Your task: Your answer should be the lines below from the one holding "by move=> /u_noninc" through the one holding "move=> rho_gt0; set q := ln rho / ln s.", copied exactly and with nothing else.

(Saved data entries)

(* Let $p,d\ge 1$ be integers and let $0<u\le v$ be real numbers with $uv=1$. Let $W\in\mathbb{R}^{p\times d}$ and $\Omega_c\in\mathbb{S}_{++}^d$ be fixed, and let $W\Omega_cW^T$ be eigendecomposed as $Q\,\mathrm{diag}(\mathbf{r})\,Q^T$ with $Q$ orthogonal and $\mathbf{r}\in\mathbb{R}^p$. Then an optimal solution of the problem \[ \min_{\Omega_r}\ \operatorname{tr}(\Omega_r W\Omega_c W^T) - d\log\det(\Omega_r)\quad\text{subject to}\quad uI_p\preceq \Omega_r\preceq vI_p \] is given by $Q\,\mathrm{diag}\big(\mathbb{T}_{[u,v]}(d/\mathbf{r})\big)\,Q^T$.
   Context: $\mathbb{S}_{++}^d$ denotes real symmetric positive definite $d\times d$ matrices and $\preceq$ the Loewner order; the optimization is over symmetric positive definite $\Omega_r$. The thresholding function is $\mathbb{T}_{[u,v]}(x)=\max\{u,\min\{v,x\}\}$, and $\mathbb{T}_{[u,v]}(d/\mathbf{r})$ is the vector whose $i$-th entry is $\mathbb{T}_{[u,v]}(d/r_i)$ (with the convention $d/0=+\infty$, so that a zero eigenvalue is mapped to $v$). *)

From HB Require Import structures.
From mathcomp Require Import all_boot all_order all_algebra.
From mathcomp Require Import all_classical all_reals all_analysis.
Set Implicit Arguments. Unset Strict Implicit. Unset Printing Implicit Defensive.
Import Order.TTheory GRing.Theory Num.Theory.
Local Open Scope ring_scope.

Section Defs.
Variable R : realType.

Definition symmx n (A : 'M[R]_n) : Prop := A^T = A.

Definition psdmx n (A : 'M[R]_n) : Prop :=
  symmx A /\ forall x : 'cV[R]_n, 0 <= (x^T *m A *m x) 0 0.

Definition spdmx n (A : 'M[R]_n) : Prop :=
  symmx A /\ forall x : 'cV[R]_n, x != 0 -> 0 < (x^T *m A *m x) 0 0.

Definition loewner_le n (A B : 'M[R]_n) : Prop := psdmx (B - A).

Definition orthomxR n (Q : 'M[R]_n) : Prop := Q *m Q^T = 1%:M /\ Q^T *m Q = 1%:M.

Definition thr (u v x : R) : R := Num.max u (Num.min v x).

(* T_[u,v](d / x), with the convention d/0 = +oo so that x = 0 maps to v *)
Definition thr_div (u v : R) (d : nat) (x : R) : R :=
  if x == 0 then v else thr u v (d%:R / x).
(* Let $0<s<1$. Then $\sigma_{ap}(T_{s^z})\subseteq\{s^w:\mathrm{Re}\,w=\tfrac m2,\ m=-1,0,1,2,\dots\}\cup\{0\}$.
   Context: $\mu$ is the measure on $\Omega=\{\mathrm{Re}\,z\ge-\tfrac12\}$ given by $d\mu=\sum_{n=-1}^\infty \frac{|\Gamma(\frac n2+iy+1)|^2}{2\pi(n+1)!}\,dy\,d\delta_{n/2}(x)$; $H^2(\mu)$ is the closed span of $\{a^z:0<a\le1\}$ in $L^2(\mu)$; $T_{s^z}$ is multiplication by $s^z=e^{z\ln s}$ on $H^2(\mu)$; $\sigma_{ap}$ denotes the approximate point spectrum. *)

From HB Require Import structures.
From mathcomp Require Import all_boot all_order all_algebra.
From mathcomp Require Import all_classical all_reals all_analysis.
From mathcomp Require Import complex.
Set Implicit Arguments. Unset Strict Implicit. Unset Printing Implicit Defensive.
Import Order.TTheory GRing.Theory Num.Theory.
Import numFieldNormedType.Exports.
Local Open Scope classical_set_scope.
Local Open Scope ring_scope.

Section Defs.
Variable R : realType.

(* complex power a^z := e^{z ln a} for real a > 0, written out:
   e^{z ln a} = e^{complex.Re z ln a} (cos (complex.Im z ln a) + i sin (complex.Im z ln a)) *)
Definition cpow (a : R) (z : R[i]) : R[i] :=
  Complex (expR (complex.Re z * ln a) * cos (complex.Im z * ln a))
          (expR (complex.Re z * ln a) * sin (complex.Im z * ln a)).

Definition sqmod (z : R[i]) : R := complex.Re z ^+ 2 + complex.Im z ^+ 2.

(* Euler Gamma at a +iy (a > 0):  Gamma(a+iy) = int_0^oo t^(a+iy-1) e^(-t) dt *)
Definition GammaC (a y : R) : R[i] :=
  Complex
    (Rintegral lebesgue_measure `]0%R, +oo[
       (fun t => t `^ (a - 1) * expR (- t) * cos (y * ln t)))
    (Rintegral lebesgue_measure `]0%R, +oo[
       (fun t => t `^ (a - 1) * expR (- t) * sin (y * ln t))).

(* The measure mu lives on the lines complex.Re z = n/2, n = -1,0,1,...  We index the
   line n/2 by k = n+1 : nat.  A function on supp(mu) is thus f : nat -> R -> R[i],
   f k y = f((k-1)/2 + i y). *)
Definition zpt (k : nat) (y : R) : R[i] := Complex ((k%:R - 1) / 2) y.

(* density of mu on the line k: |Gamma(n/2 + iy + 1)|^2 / (2 pi (n+1)!) *)
Definition weight (k : nat) (y : R) : R :=
  sqmod (GammaC ((k%:R + 1) / 2) y) / (2 * pi * (k`!)%:R).

Definition fn := nat -> R -> R[i].

Definition L2norm2 (f : fn) : \bar R :=
  (\sum_(0 <= k <oo)
     \int[lebesgue_measure]_(y in [set: R]) (sqmod (f k y) * weight k y)%:E)%E.

Definition measurable_fn (f : fn) : Prop :=
  forall k, measurable_fun [set: R] (fun y => complex.Re (f k y)) /\
            measurable_fun [set: R] (fun y => complex.Im (f k y)).

Definition inL2 (f : fn) : Prop := measurable_fn f /\ (L2norm2 f < +oo)%E.

Definition powfn (a : R) : fn := fun k y => cpow a (zpt k y).

Definition comb (l : seq (R[i] * R)) : fn :=
  fun k y => \sum_(p <- l) p.1 * powfn p.2 k y.

(* H^2(mu): closure in L^2(mu) of span {a^z : 0 < a <= 1} *)
Definition H2 (f : fn) : Prop :=
  inL2 f /\
  forall e : R, 0 < e -> exists l : seq (R[i] * R),
    all (fun p => (0 < p.2) && (p.2 <= 1)) l /\
    (L2norm2 (fun k y => (f k y - comb l k y)%R) < e%:E)%E.

Definition Tmul (s : R) (f : fn) : fn := fun k y => powfn s k y * f k y.

Definition sigma_ap (s : R) (lam : R[i]) : Prop :=
  exists fs : nat -> fn,
    (forall j, H2 (fs j) /\ L2norm2 (fs j) = 1%E) /\
    ((fun j => L2norm2 (fun k y => (Tmul s (fs j) k y - lam * fs j k y)%R))
       @ \oo --> 0%E).

End Defs.

(* On the line Re z = (k-1)/2 the multiplier s^z has constant modulus
   s^((k-1)/2), and these moduli decrease to 0.  If |lam| is none of them
   (and lam <> 0), then |lam| stays at positive distance d from all of them, so
   |s^z - lam| >= d on the support of mu and ||(T - lam) f|| >= d ||f||: lam is
   not an approximate eigenvalue.  If |lam| = s^((k-1)/2), writing lam in polar
   form exhibits it as s^w with Re w = (k-1)/2. *)
From HB Require Import structures.
From mathcomp Require Import all_boot all_order all_algebra.
From mathcomp Require Import all_classical all_reals all_analysis.
From mathcomp Require Import complex.
From mathcomp Require Import ring lra.
Import Order.TTheory GRing.Theory Num.Theory.
Import Normc HBNNSimple.
Set Implicit Arguments. Unset Strict Implicit.
Local Open Scope ring_scope.
Local Open Scope classical_set_scope.

Section NonnegativeIntegral.
Context {d : measure_display} {T : measurableType d} {R : realType}.
Variable mu : {measure set T -> \bar R}.
Local Open Scope ereal_scope.

Lemma ge0_le_integral_scale (f g : T -> \bar R) (c : R) : (0 < c)%R ->
  (forall x, 0 <= f x) -> (forall x, c%:E * f x <= g x) ->
  c%:E * \int[mu]_x f x <= \int[mu]_x g x.
Proof.
move=> c_gt0 f_ge0 cfg.
have g_ge0 x : 0 <= g x.
  by apply: le_trans (cfg x); rewrite mule_ge0 // lee_fin ltW.
rewrite !ge0_integralTE // -ereal_sup_pZl //.
apply: ge_ereal_sup => _ [_ [h hf <-] <-]; apply: ereal_sup_ubound => /=.
exists (scale_nnsfun h (ltW c_gt0)); last exact: sintegralrM.
move=> x /=; apply: le_trans (cfg x); rewrite EFinM.
by apply: lee_wpmul2l; [rewrite lee_fin ltW | apply: hf].
Qed.

End NonnegativeIntegral.

Section ComplexModulus.
Variable R : realType.
Implicit Types (u v z : R[i]) (a : R).

Lemma sqmod_normc z : sqmod z = normc z ^+ 2.
Proof. by case: z => x y; rewrite /sqmod sqr_sqrtr // addr_ge0 ?sqr_ge0. Qed.

Lemma normc_ge0 z : 0 <= normc z.
Proof. by case: z => x y; apply: sqrtr_ge0. Qed.

Lemma normc_gt0 z : z != 0 -> 0 < normc z.
Proof.
by move=> z0; rewrite lt_def normc_ge0 andbT; apply: contra z0 => /eqP/eq0_normc->.
Qed.

Lemma sqmod_ge0 z : 0 <= sqmod z.
Proof. by rewrite sqmod_normc sqr_ge0. Qed.

Lemma sqmodM u v : sqmod (u * v) = sqmod u * sqmod v.
Proof. by rewrite !sqmod_normc normcM exprMn. Qed.

Lemma sqmod_sub_ge u v : (normc u - normc v) ^+ 2 <= sqmod (u - v).
Proof.
have tri (x y : R[i]) : normc x - normc y <= normc (x - y).
  by rewrite lerBlDr -{1}(subrK y x); apply: le_normcD.
have := tri u v; have := tri v u; rewrite -[normc (v - u)]normcN opprB sqmod_normc.
by have := normc_ge0 (u - v); nra.
Qed.

Lemma normc_cpow a z : normc (cpow a z) = expR (complex.Re z * ln a).
Proof.
rewrite /cpow /= !exprMn -mulrDr cos2Dsin2 mulr1 sqrtr_sqr.
by rewrite ger0_norm ?expR_ge0.
Qed.

Lemma normc_polar z :
  exists t, z = Complex (normc z * cos t) (normc z * sin t).
Proof.
case: (eqVneq z 0) => [->|/normc_gt0]; first by exists 0; rewrite normc0 !mul0r.
case: z => a b; rewrite [normc _]/=; set r := Num.sqrt _ => r_gt0.
have r2 : r ^+ 2 = a ^+ 2 + b ^+ 2 by rewrite sqr_sqrtr // addr_ge0 ?sqr_ge0.
set x := a / r.
have ax : a = r * x by rewrite /x mulrC divfK // gt_eqF.
have x_bnd : -1 <= x <= 1.
  have : x ^+ 2 <= 1.
    by rewrite /x expr_div_n ler_pdivrMr ?exprn_gt0 // mul1r r2 lerDl sqr_ge0.
  by move=> ?; apply/andP; split; nra.
have sqrt_x : Num.sqrt (1 - x ^+ 2) = `|b| / r.
  have -> : 1 - x ^+ 2 = (b / r) ^+ 2.
    by rewrite /x !expr_div_n r2; field; rewrite -r2 expf_neq0 // gt_eqF.
  by rewrite sqrtr_sqr normf_div (gtr0_norm r_gt0).
have bx : `|b| = r * (`|b| / r) by rewrite mulrC divfK // gt_eqF.
case: (leP 0 b) => b0.
  exists (acos x); rewrite acosK ?sin_acos // sqrt_x -bx ger0_norm //.
  by rewrite -ax.
exists (- acos x); rewrite cosN sinN acosK ?sin_acos // sqrt_x mulrN -bx.
by rewrite ltr0_norm // opprK -ax.
Qed.

Lemma cpowP a (x : R) lam : ln a != 0 ->
  normc lam = expR (x * ln a) -> exists2 w, complex.Re w = x & lam = cpow a w.
Proof.
move=> lna0 lam_mod; have [t ->] := normc_polar lam.
exists (Complex x (t / ln a)) => //.
by rewrite /cpow /= divfK // lam_mod.
Qed.

End ComplexModulus.

Section Separation.
Variable R : realType.
Variables (u : nat -> R) (rho : R).
Hypothesis u_noninc : nonincreasing_seq u.
Hypothesis u_below : exists N, u N < rho.
Hypothesis u_neq : forall k, u k != rho.

(* Let K be the first index with u K < rho: beyond K the values stay below
   u K, before K they stay above u (K-1) > rho. *)
Lemma nonincreasing_seq_sep : exists2 e, 0 < e & forall k, e <= `|u k - rho|.
Proof.
case: (ex_minnP u_below) => K uK Kmin.
have below k : (K <= k)%N -> rho - u K <= `|u k - rho|.
  by move=> /u_noninc ukK; rewrite distrC ger0_norm; lra.
case: K uK Kmin below => [|K] uK Kmin below.
  by exists (rho - u 0%N) => [|k]; rewrite ?subr_gt0 ?below.
have uK_gt : rho < u K.
  rewrite lt_neqAle eq_sym u_neq leNgt /=; apply/negP => /Kmin.
  by rewrite ltnn.
exists (Num.min (rho - u K.+1) (u K - rho)); first by rewrite lt_min; lra.
move=> k; case: (leqP K.+1 k) => Kk; rewrite ge_min; first by rewrite below.
have ukK := u_noninc (Kk : (k <= K)%N).
by rewrite ger0_norm ?orbT; lra.
Qed.

End Separation.

Section Multiplier.
Variables (R : realType) (s : R).

Definition powmod (k : nat) : R := expR ((k%:R - 1) / 2 * ln s).

Lemma normc_powfn k y : normc (powfn s k y) = powmod k.
Proof. by rewrite /powfn normc_cpow. Qed.

Hypotheses (s_gt0 : 0 < s) (s_lt1 : s < 1).

Lemma ln_s_lt0 : ln s < 0.
Proof. by rewrite ln_lt0 // s_gt0 s_lt1. Qed.

Lemma powmod_nonincreasing : nonincreasing_seq powmod.
Proof.
move=> k l kl; rewrite /powmod ler_expR.
have := ln_s_lt0; have : (k%:R <= l%:R :> R) by rewrite ler_nat.
nra.
Qed.

Lemma powmod_lt (rho : R) : 0 < rho -> exists N, powmod N < rho.
Proof.
move=> rho_gt0; set q := ln rho / ln s.
have qs : q * ln s = ln rho by rewrite /q divfK // lt_eqF ?ln_s_lt0.
exists (Num.truncn (1 + 2 * q)).+1.
rewrite /powmod -[X in _ < X](@lnK _ rho) ?posrE // ltr_expR.
have := truncnS_gt (1 + 2 * q); have := ln_s_lt0; set N := _%:R.
nra.
Qed.

End Multiplier.

Section ApproximatePointSpectrum.
Variable R : realType.

Lemma weight_ge0 k y : (0 <= weight (R:=R) k y)%R.
Proof. by rewrite divr_ge0 ?sqmod_ge0 // !mulr_ge0 // ltW ?pi_gt0. Qed.

Local Open Scope ereal_scope.

Lemma L2norm2_le_scale (c : R) (f g : fn R) : (0 < c)%R ->
  (forall k y, c * sqmod (f k y) <= sqmod (g k y))%R ->
  c%:E * L2norm2 f <= L2norm2 g.
Proof.
move=> c_gt0 cfg.
have int_ge0 (h : fn R) k : 0 <= \int[lebesgue_measure]_y
    (sqmod (h k y) * weight k y)%:E.
  by apply: integral_ge0 => y _; rewrite lee_fin mulr_ge0 ?sqmod_ge0 ?weight_ge0.
rewrite /L2norm2 -nneseriesZl; last by move=> k _; apply: int_ge0.
apply: lee_nneseries => [k _ _|k _]; first by rewrite mule_ge0 ?int_ge0 // lee_fin ltW.
apply: ge0_le_integral_scale => // y.
  by rewrite lee_fin mulr_ge0 ?sqmod_ge0 ?weight_ge0.
by rewrite -EFinM lee_fin mulrA ler_wpM2r ?weight_ge0.
Qed.

Lemma sigma_apN_bounded_below (s : R) lam e : (0 < e)%R ->
  (forall k y, e <= sqmod (powfn s k y - lam))%R -> ~ sigma_ap s lam.
Proof.
move=> e_gt0 lam_far [fs [fs_unit fs_cvg]].
have : e%:E <= 0.
  apply: (cvge_to_ge fs_cvg); apply: nearW => j.
  rewrite -[e%:E]mule1 -(proj2 (fs_unit j)).
  apply: L2norm2_le_scale => // k y.
  by rewrite /Tmul -mulrBl sqmodM ler_wpM2r ?sqmod_ge0.
by rewrite lee_fin leNgt e_gt0.
Qed.

End ApproximatePointSpectrum.

Theorem mainTheorem5 (R : realType) (s : R) (hs0 : 0 < s) (hs1 : s < 1)
  (lam : R[i]) :
  sigma_ap s lam ->
  lam = 0 \/ exists (w : R[i]) (m : nat), complex.Re w = (m%:R - 1) / 2 /\ lam = cpow s w.
Proof.
move=> lam_ap; case: (eqVneq lam 0) => [|lam0]; [by left | right].
case: (pselect (exists k, powmod s k = normc lam)) => [[k lam_mod]|lam_off].
  have [w Rew ->] := cpowP (ltr0_neq0 (ln_s_lt0 hs0 hs1)) (esym lam_mod).
  by exists w, k.
have [|e e_gt0 far] := nonincreasing_seq_sep (powmod_nonincreasing hs0 hs1)
  (powmod_lt hs0 hs1 (normc_gt0 lam0)).
  by move=> k; apply/eqP => eq_k; apply: lam_off; exists k.
exfalso; apply: (sigma_apN_bounded_below (e := e ^+ 2)) lam_ap => [|k y].
  by rewrite exprn_gt0.
rewrite (le_trans _ (sqmod_sub_ge _ _)) // normc_powfn.
rewrite -[X in _ <= X]real_normK ?num_real //.
by rewrite ler_sqr ?nnegrE ?normr_ge0 ?(ltW e_gt0) ?far.
Qed.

Task solution:
  by move=> /u_noninc ukK; rewrite distrC ger0_norm; lra.
case: K uK Kmin below => [|K] uK Kmin below.
  by exists (rho - u 0%N) => [|k]; rewrite ?subr_gt0 ?below.
have uK_gt : rho < u K.
  rewrite lt_neqAle eq_sym u_neq leNgt /=; apply/negP => /Kmin.
  by rewrite ltnn.
exists (Num.min (rho - u K.+1) (u K - rho)); first by rewrite lt_min; lra.
move=> k; case: (leqP K.+1 k) => Kk; rewrite ge_min; first by rewrite below.
have ukK := u_noninc (Kk : (k <= K)%N).
by rewrite ger0_norm ?orbT; lra.
Qed.

End Separation.

Section Multiplier.
Variables (R : realType) (s : R).

Definition powmod (k : nat) : R := expR ((k%:R - 1) / 2 * ln s).

Lemma normc_powfn k y : normc (powfn s k y) = powmod k.
Proof. by rewrite /powfn normc_cpow. Qed.

Hypotheses (s_gt0 : 0 < s) (s_lt1 : s < 1).

Lemma ln_s_lt0 : ln s < 0.
Proof. by rewrite ln_lt0 // s_gt0 s_lt1. Qed.

Lemma powmod_nonincreasing : nonincreasing_seq powmod.
Proof.
move=> k l kl; rewrite /powmod ler_expR.
have := ln_s_lt0; have : (k%:R <= l%:R :> R) by rewrite ler_nat.
nra.
Qed.

Lemma powmod_lt (rho : R) : 0 < rho -> exists N, powmod N < rho.
Proof.
move=> rho_gt0; set q := ln rho / ln s.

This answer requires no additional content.